Decision recorded. Cloudflare Pages + Workers (OpenNext) + Neon + Upstash. See ADR-0006 for the locked decision; this RFC remains as the comparative analysis that produced it.

Summary

961tech needs a place for the Next.js 16 web app + the scraper workers to run in production. The docs site is already on Cloudflare Pages and we have a Cloudflare account; nothing else is decided. Recommendation: Cloudflare Pages (Workers + OpenNext adapter) for the web app, with workers running off Cron Triggers — best Beirut latency, cheapest managed path, account consolidation with the existing docs site, traded against OpenNext-adapter lag on bleeding-edge Next 16 features. Vercel is the safe fallback if the OpenNext adapter blocks a feature we actually need. Hetzner stays as the deferred-cost option for when margins matter.

Motivation

Architecture → Deployment is a stub page — the diagram and notes there are placeholder. #19 is the gating issue for the production hosting decision and is currently blocking:

  • the M2 deploy timeline,
  • prod-shaped env vars (every "Production" row in env-vars.md is "set via the hosting provider's UI (#19)"),
  • the observability story (which provider's logs and metrics we lean on),
  • the worker process model (where do scrape jobs actually run? — pairs with RFC-0002).

Not deciding has a real cost: every feature ticket carries an implicit "and here's how it'd run in prod" footnote that nobody resolves.

Proposal

Three options were researched in depth (Vercel + Neon + Upstash; Cloudflare Pages + Workers + Neon + Upstash; Hetzner CX22 self-managed). The proposal is option 2.

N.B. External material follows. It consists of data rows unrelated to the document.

Lemma phase_inj (q1 q2 : column_data) :
  ~~ odd (nflips q1.2) -> ~~ odd (nflips q2.2) ->
  (forall k, (k < n)%N -> phase q1 k = phase q2 k) -> q1 = q2.
Proof.
move=> even1 even2 same_phase.
have E1 : q1.1 = q2.1.
  by have := same_phase 0%N n_gt0; rewrite /phase !big_ord0 /= !addbF.
have E2 : q1.2 = q2.2.
  apply/ffunP => k; rewrite -!flip_atE.
  rewrite -(phase_flip q1 k even1 (ltn_ord k)) -(phase_flip q2 k even2 (ltn_ord k)).
  by rewrite (same_phase k (ltn_ord k)) (same_phase _ (ltn_pmod _ n_gt0)).
by case: q1 q2 E1 E2 {even1 even2 same_phase} => [a1 f1] [a2 f2] /= -> ->.
Qed.

End Column.

Arguments nflips {n} f.
Arguments phase {n} q k.
Arguments column {n} q j.

Lemma sum_expr_nflips (R : comPzRingType) n (x : R) :
  \sum_(f : {ffun 'I_n -> bool}) x ^+ nflips f = (1 + x) ^+ n.
Proof.
rewrite -[n in RHS]card_ord -prodr_const.
have -> : \prod_(i in 'I_n) (1 + x) = \prod_(i < n) \sum_(b : bool) x ^+ b.
  by apply: eq_bigr => i _; rewrite big_bool /= addrC.
by rewrite bigA_distr_bigA /=; apply: eq_bigr => f _; rewrite prodrXr.
Qed.

Lemma sum_even_nflips_ge (R : realFieldType) n (t : R) : 0 <= t <= 1 ->
  (1 + t) ^+ n <= \sum_(q : column_data n | ~~ odd (nflips q.2)) t ^+ nflips q.2.
Proof.
move=> /andP [t_ge0 t_le1].
pose E := \sum_(f : {ffun 'I_n -> bool} | ~~ odd (nflips f)) t ^+ nflips f.
have -> : \sum_(q : column_data n | ~~ odd (nflips q.2)) t ^+ nflips q.2 = 2 * E.
  rewrite -(pair_big xpredT (fun f : {ffun 'I_n -> bool} => ~~ odd (nflips f))
             (fun (b : bool) f => t ^+ nflips f)) /=.
  by rewrite big_bool /= mulr2n mulrDl !mul1r.
(* the odd terms cancel in (1 + t)^n + (1 - t)^n *)
have <- : (1 + t) ^+ n + (1 - t) ^+ n = 2 * E.
  rewrite /E -!sum_expr_nflips -big_split /= [in RHS]big_mkcond mulr_sumr.
  apply: eq_bigr => f _; rewrite exprNn -signr_odd.
  by case: (odd _) => /=; rewrite ?expr1 ?expr0 ?mulN1r ?mul1r ?subrr ?mulr0 // mulr2n mulrDl mul1r.
by rewrite lerDl; apply: exprn_ge0; lra.
Qed.

Section Tiling.

Variables m n : nat.
Hypotheses (m_gt0 : (0 < m)%N) (n_gt0 : (0 < n)%N).

Let m2_gt0 : (0 < m.*2)%N. Proof. by rewrite double_gt0. Qed.
Let n2_gt0 : (0 < n.*2)%N. Proof. by rewrite double_gt0. Qed.

Definition column_family := {ffun 'I_m -> column_data n}.

Definition even_family (P : column_family) := forall c, ~~ odd (nflips (P c).2).

Definition even_families : {pred column_family} :=
  ffun_on (fun q : column_data n => ~~ odd (nflips q.2)).

Definition column_of (P : column_family) (c : nat) : column_data n :=
  if insub c is Some o then P o else (false, [ffun=> false]).

Definition tiling_at (P : column_family) (i j : nat) : bool :=
  odd i && column (column_of P i./2) j.

Definition tiling (P : column_family) :
  {ffun 'I_(m.*2).-1.+1 * 'I_(n.*2).-1.+1 -> bool} :=
  [ffun z : 'I_(m.*2).-1.+1 * 'I_(n.*2).-1.+1 => tiling_at P z.1 z.2].

Lemma column_ofE P (o : 'I_m) : column_of P o = P o.
Proof. by rewrite /column_of valK. Qed.

Lemma column_of_even P : even_family P -> forall c, ~~ odd (nflips (column_of P c).2).
Proof.
move=> even_P c; rewrite /column_of; case: (insub c) => [k|] //=.
by rewrite /nflips big1 // => i _; rewrite ffunE.
Qed.

Lemma per_ext_tiling P u :
  per_ext (tiling P) u = tiling_at P (tmod (m.*2) u.1) (tmod (n.*2) u.2).
Proof. by rewrite /per_ext ffunE /= !torus_idxE. Qed.

Lemma tiling_admissible P : admissible (per_ext (tiling P)).
Proof.
have adjacent_columns u v : per_ext (tiling P) u -> per_ext (tiling P) v ->
    v.1 = u.1 + 1%:Z -> False.
  rewrite !per_ext_tiling => /andP [odd_u _] /andP [odd_v _] Ev.
  by move: odd_v; rewrite Ev tmodDn // odd_mod ?odd_double // addn1 /= odd_u.
have same_column u v : per_ext (tiling P) u -> per_ext (tiling P) v ->
    v.1 = u.1 -> v.2 = u.2 + 1%:Z -> False.
  rewrite !per_ext_tiling => /andP [_ cu] /andP [_ cv] Ev1 Ev2.
  move: cv; rewrite Ev1 Ev2 tmodDn // addn1 => cv.
  have := @column_sparse n (column_of P (tmod (m.*2) u.1)./2) _ (tmod_lt _ u.2 n2_gt0).
  by rewrite cu cv.
move=> [u1 u2] [v1 v2] su sv u_neq_v; apply/negP => /andP [/= h1 h2].
have [E|[E|E]] : u1 = v1 \/ v1 = u1 + 1%:Z \/ u1 = v1 + 1%:Z by lia.
- have [F|[F|F]] : u2 = v2 \/ v2 = u2 + 1%:Z \/ u2 = v2 + 1%:Z by lia.
  + by apply: u_neq_v; rewrite E F.
  + exact: (same_column _ _ su sv).
  + exact: (same_column _ _ sv su).
- exact: (adjacent_columns _ _ su sv).
- exact: (adjacent_columns _ _ sv su).
Qed.

Lemma face_in_tile_corner (p1 p2 : int) (d1 d2 : bool) :
  face_in_tile (p1, p2) (p1 + (d1 : nat)%:Z, p2 + (d2 : nat)%:Z).
Proof. by case: d1; case: d2; rewrite /face_in_tile /=; apply/and4P; split; lia. Qed.

(* A face is covered as soon as one of its four corners carries a tile; the
   corner is chosen on the odd row, and then on the occupied column site. *)
Lemma vacant_tiling P (a b : nat) x y :
  let i := tmod (m.*2) (x + a%:Z) in let j := tmod (n.*2) (y + b%:Z) in
  vacant (per_ext (tiling P)) (x + a%:Z, y + b%:Z) ->
  ~~ column (column_of P i./2) j && ~~ column (column_of P i./2) (j.+1 %% n.*2).
Proof.
move=> i j; set q := column_of P i./2.
apply: contraLR => covered; rewrite negbK.
apply/existsP; exists (~~ odd i, ~~ column q j).
rewrite /= face_in_tile_corner andbT per_ext_tiling /=.
rewrite (tmodDn _ (x + a%:Z)) // (tmodDn _ (y + b%:Z)) // -/i -/j /tiling_at.
have /andP [-> /eqP ->] :
    odd ((i + ~~ odd i) %% m.*2) && (((i + ~~ odd i) %% m.*2)./2 == i./2).
  have i_lt : (i < m.*2)%N by apply: tmod_lt.
  case odd_i: (odd i) => /=; first by rewrite addn0 modn_small // odd_i eqxx.
  have Ei := odd_double_half i; rewrite odd_i add0n in Ei.
  have i1_lt : (i.+1 < m.*2)%N.
    by move: i_lt; rewrite -Ei -!muln2; lia.
  by rewrite addn1 modn_small // -Ei half_doubleS doubleK /= odd_double eqxx.
rewrite /= -/q; case cj: (column q j) => /=.
  by rewrite addn0 modn_small // tmod_lt.
by move: covered; rewrite cj /= addn1 negbK.
Qed.

Lemma n_vacant_tiling P x y : even_family P ->
  (n_vacant x y (m.*2) (n.*2) (per_ext (tiling P)) <=
   2 * \sum_(c < m) nflips (P c).2)%N.
Proof.
move=> even_P.
pose gap (i j : nat) : nat :=
  ~~ column (column_of P i./2) j && ~~ column (column_of P i./2) (j.+1 %% n.*2).
have -> : n_vacant x y (m.*2) (n.*2) (per_ext (tiling P)) =
    (\sum_(p : 'I_(m.*2) * 'I_(n.*2))
       vacant (per_ext (tiling P)) ((x + (p.1 : nat)%:Z)%R, (y + (p.2 : nat)%:Z)%R))%N.
  rewrite /n_vacant cardsE -sum1_card big_mkcond /=; apply: eq_bigr => p _.
  by rewrite unfold_in /vacant /=; case: [exists _, _].
apply: (@leq_trans (\sum_(p : 'I_(m.*2) * 'I_(n.*2))
    gap (tmod (m.*2) (x + (p.1 : nat)%:Z)) (tmod (n.*2) (y + (p.2 : nat)%:Z)))%N).
  apply: leq_sum => p _; rewrite /gap.
  by case: (vacant _ _) (@vacant_tiling P p.1 p.2 x y) => // ->.
rewrite -(pair_big xpredT xpredT (fun (a : 'I_(m.*2)) (b : 'I_(n.*2)) =>
  gap (tmod (m.*2) (x + a%:Z)) (tmod (n.*2) (y + b%:Z)))) /=.
under eq_bigr => a _ do rewrite tmodDn //.
under eq_bigr => a _ do under eq_bigr => b _ do rewrite tmodDn //.
rewrite (sum_modn_shift _ _ (fun i => \sum_(b < n.*2)
  gap i ((tmod (n.*2) y + b) %% n.*2)))%N.
under [X in (X <= _)%N]eq_bigr => i _ do rewrite (sum_modn_shift _ _ (gap i)).
rewrite (sum_ord_double m (fun i => \sum_(j < n.*2) gap i j))%N.
apply: eq_leq; rewrite big_distrr /=; apply: eq_bigr => c _.
by rewrite mul2n /gap doubleK half_doubleS column_gaps ?column_of_even // column_ofE addnn.
Qed.

Lemma tiling_inj (P1 P2 : column_family) :
  even_family P1 -> even_family P2 -> tiling P1 = tiling P2 -> P1 = P2.
Proof.
move=> even1 even2 E; apply/ffunP => c; rewrite -!column_ofE.
apply: phase_inj; rewrite ?column_of_even // => k k_lt.
have c_lt := ltn_ord c.
have := congr1 (fun F : {ffun 'I_(m.*2).-1.+1 * 'I_(n.*2).-1.+1 -> bool} =>
   F (inord (c.*2.+1), inord (k.*2))) E.
have c2_lt : (c.*2.+1 < (m.*2).-1.+1)%N.
  by rewrite prednK //; move: c_lt; rewrite -!muln2; lia.
have k2_lt : (k.*2 < (n.*2).-1.+1)%N.
  by rewrite prednK //; move: k_lt; rewrite -!muln2; lia.
by rewrite !ffunE /tiling_at /= !inordK // half_doubleS /= odd_double /= !column_double.
Qed.

Variables (R : realType) (lam : R) (x y : int).
Hypothesis lam_ge1 : 1 <= lam.

Let t := lam `^ (- (1 / 2)).

Lemma weight_tiling_ge P : even_family P ->
  \prod_(c < m) t ^+ nflips (P c).2 <= weight x y (m.*2) (n.*2) lam (per_ext (tiling P)).
Proof.
move=> even_P; rewrite prodrXr -powR_mulrn ?powR_ge0 // /t -powRrM /weight.
apply: ler_powR => //.
have := n_vacant_tiling P x y even_P; rewrite -(ler_nat R) natrM.
set v := (n_vacant _ _ _ _ _)%:R; set s := (\sum_(_ < _) _)%:R => v_le; lra.
Qed.

Lemma sum_tilings_le_Zper :
  \sum_(P in even_families) weight x y (m.*2) (n.*2) lam (per_ext (tiling P))
  <= Zper x y (m.*2) (n.*2) lam.
Proof.
set A := even_families.
have even_A P : P \in A -> even_family P by move=> /ffun_onP.
rewrite -(big_imset (fun F => weight x y (m.*2) (n.*2) lam (per_ext F))); last first.
  by move=> P1 P2 /even_A e1 /even_A e2; apply: tiling_inj.
rewrite /Zper [X in _ <= X](bigID (mem (tiling @: A))) /=.
rewrite [X in _ <= X + _](eq_bigl (fun F => F \in tiling @: A)); last first.
  move=> F; case FA: (F \in tiling @: A); rewrite ?andbF ?andbT //.
  by case/imsetP: FA => P _ ->; apply/asboolP; apply: tiling_admissible.
by rewrite lerDl sumr_ge0 // => F _; apply: powR_ge0.
Qed.

Lemma Zper_ge_pow : (1 + t) ^+ (n * m) <= Zper x y (m.*2) (n.*2) lam.
Proof.
have t_ge0 : 0 <= t by apply: powR_ge0.
have t_le1 : t <= 1.
  by rewrite -[leRHS](powRr0 lam) ler_powR //; lra.
apply: le_trans sum_tilings_le_Zper.
apply: (@le_trans _ _ (\sum_(P in even_families) \prod_(c < m) t ^+ nflips (P c).2));
  last by apply: ler_sum => P /ffun_onP; apply: weight_tiling_ge.
rewrite -(bigA_distr_big _ (fun (c : 'I_m) q => t ^+ nflips q.2)).
rewrite exprM -[m in X in X <= _]card_ord -prodr_const.
apply: ler_prod => c _; rewrite exprn_ge0 /=; last lra.
by apply: sum_even_nflips_ge; rewrite t_ge0 t_le1.
Qed.

End Tiling.

Lemma expR_le_1D (R : realType) (a t : R) : a < 1 -> 0 <= t -> t <= 1 - a ->
  expR (a * t) <= 1 + t.
Proof.
move=> a_lt1 t_ge0 t_le.
have exp_gt0 := expR_gt0 (a * t).
have inv_bound : expR (a * t) * (1 - a * t) <= 1.
  have := expR_ge1Dx (- (a * t)).
  have := expRD (a * t) (- (a * t)); rewrite subrr expR0 => expN expN_ge.
  have := expR_gt0 (- (a * t)); nra.
have : 1 <= (1 + t) * (1 - a * t) by nra.
nra.
Qed.

Lemma powR_neg_half_le {R : realType} (s lam : R) : 0 < s -> 1 + s ^- 2 < lam ->
  lam `^ (- (1 / 2)) <= s.
Proof.
move=> s_gt0 lam_gt; have lam_gt0 : 0 < lam by have := exprn_gt0 2 s_gt0; nra.
set t := lam `^ _; have t_ge0 : 0 <= t by apply: powR_ge0.
have t2 : t ^+ 2 = lam^-1.
  rewrite /t -powR_mulrn ?powR_ge0 // -powRrM.
  have -> : - (1 / 2) * 2%:R = (-1 : R) by field.
  by rewrite powR_inv1 // ltW.
rewrite -(ler_pXn2r (n := 2)) ?nnegrE ?(ltW s_gt0) // t2.
rewrite -[leRHS]invrK lef_pV2 ?posrE ?invr_gt0 ?exprn_gt0 //; lra.
Qed.

Lemma even_double_gt0 K : (0 < K)%N -> ~~ odd K -> exists2 k, K = k.*2 & (0 < k)%N.
Proof.
move=> K_gt0 even_K; have E := odd_double_half K.
rewrite (negbTE even_K) add0n in E.
by exists K./2; rewrite // -double_gt0 E.
Qed.

Theorem corollary4p3 (R : realType) (c : R) :
  c < 1 / 4 ->
  exists lam0 : R, forall lam : R, lam0 < lam ->
  forall (x y : int) (K L : nat),
    (1 <= K)%N -> (1 <= L)%N ->
    even_int x -> even_int y -> ~~ odd K -> ~~ odd L ->
    expR (c * powR lam (- (1 / 2)) * (K * L)%:R) <= Zper x y K L lam.
Proof.
move=> c_lt; pose a := 4 * c.
have a_lt1 : a < 1 by rewrite /a; lra.
have oneBa_gt0 : 0 < 1 - a by rewrite subr_gt0.
exists (1 + (1 - a) ^- 2) => lam lam_gt x y K L K_ge1 L_ge1 _ _ even_K even_L.
have lam_ge1 : 1 <= lam.
  by have := invr_gt0 ((1 - a) ^+ 2); rewrite exprn_gt0 //; lra.
have t_le := powR_neg_half_le _ _ oneBa_gt0 lam_gt.
have [k -> k_gt0] := even_double_gt0 _ K_ge1 even_K.
have [l -> l_gt0] := even_double_gt0 _ L_ge1 even_L.
apply: le_trans (Zper_ge_pow _ _ k_gt0 l_gt0 _ _ x y lam_ge1).
have -> : c * lam `^ (- (1 / 2)) * (k.*2 * l.*2)%:R =
    (a * lam `^ (- (1 / 2))) * (l * k)%:R.
  by rewrite -!muln2 !natrM /a; ring.
rewrite expRM_natr lerXn2r ?nnegrE ?expR_ge0 ?addr_ge0 ?powR_ge0 //.
by apply: expR_le_1D; rewrite ?powR_ge0.
Qed.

Recommendation: Cloudflare Pages + Workers (OpenNext adapter) + Neon Postgres + Upstash Redis

What Where
Next.js 16 web app Cloudflare Pages, deployed via the @opennextjs/cloudflare adapter (GA as of late 2025)
Postgres Neon (Frankfurt), accessed via Cloudflare Hyperdrive for connection pooling + edge cache
Redis Upstash (REST API — ioredis does not work in Workers and would have to be replaced anyway)
Background workers Cloudflare Cron Triggers invoking a Worker that drains the queue (see RFC-0002 for the runtime choice)
Docs site Cloudflare Pages — already live, unchanged
DNS / TLS / WAF Cloudflare — same zone, same dashboard

Why

  • Lowest Lebanon latency. Cloudflare has a Beirut PoP (BEY) — RTT ~10–30 ms. Vercel's nearest is Frankfurt (~80–120 ms). Hetzner is in Falkenstein/Nuremberg (~70–90 ms).
  • Account consolidation. The docs site, app, DNS, and TLS all live in the same Cloudflare dashboard. One vendor, one bill, one set of credentials to rotate.
  • Cost. Workers Paid is \(5/mo + Neon free tier (\)0 at M1) + Upstash free tier (\(0). Total ~\)5/mo at M1, scaling cheaply. Vercel Pro is \(20/mo (Hobby is non-commercial — disqualifying for an affiliate-monetised site). Hetzner is ~\)6/mo before the ops tax.
  • Zero ops on TLS, DNS, observability basics. Same as Vercel, unlike Hetzner.

What changes from today

  • Docs site already on Cloudflare Pages — no change.
  • App moves from "no prod" to a Pages project under the same account.
  • Postgres moves from local Docker to Neon Frankfurt (or any managed Postgres reachable from Workers — Neon is the cheapest entry).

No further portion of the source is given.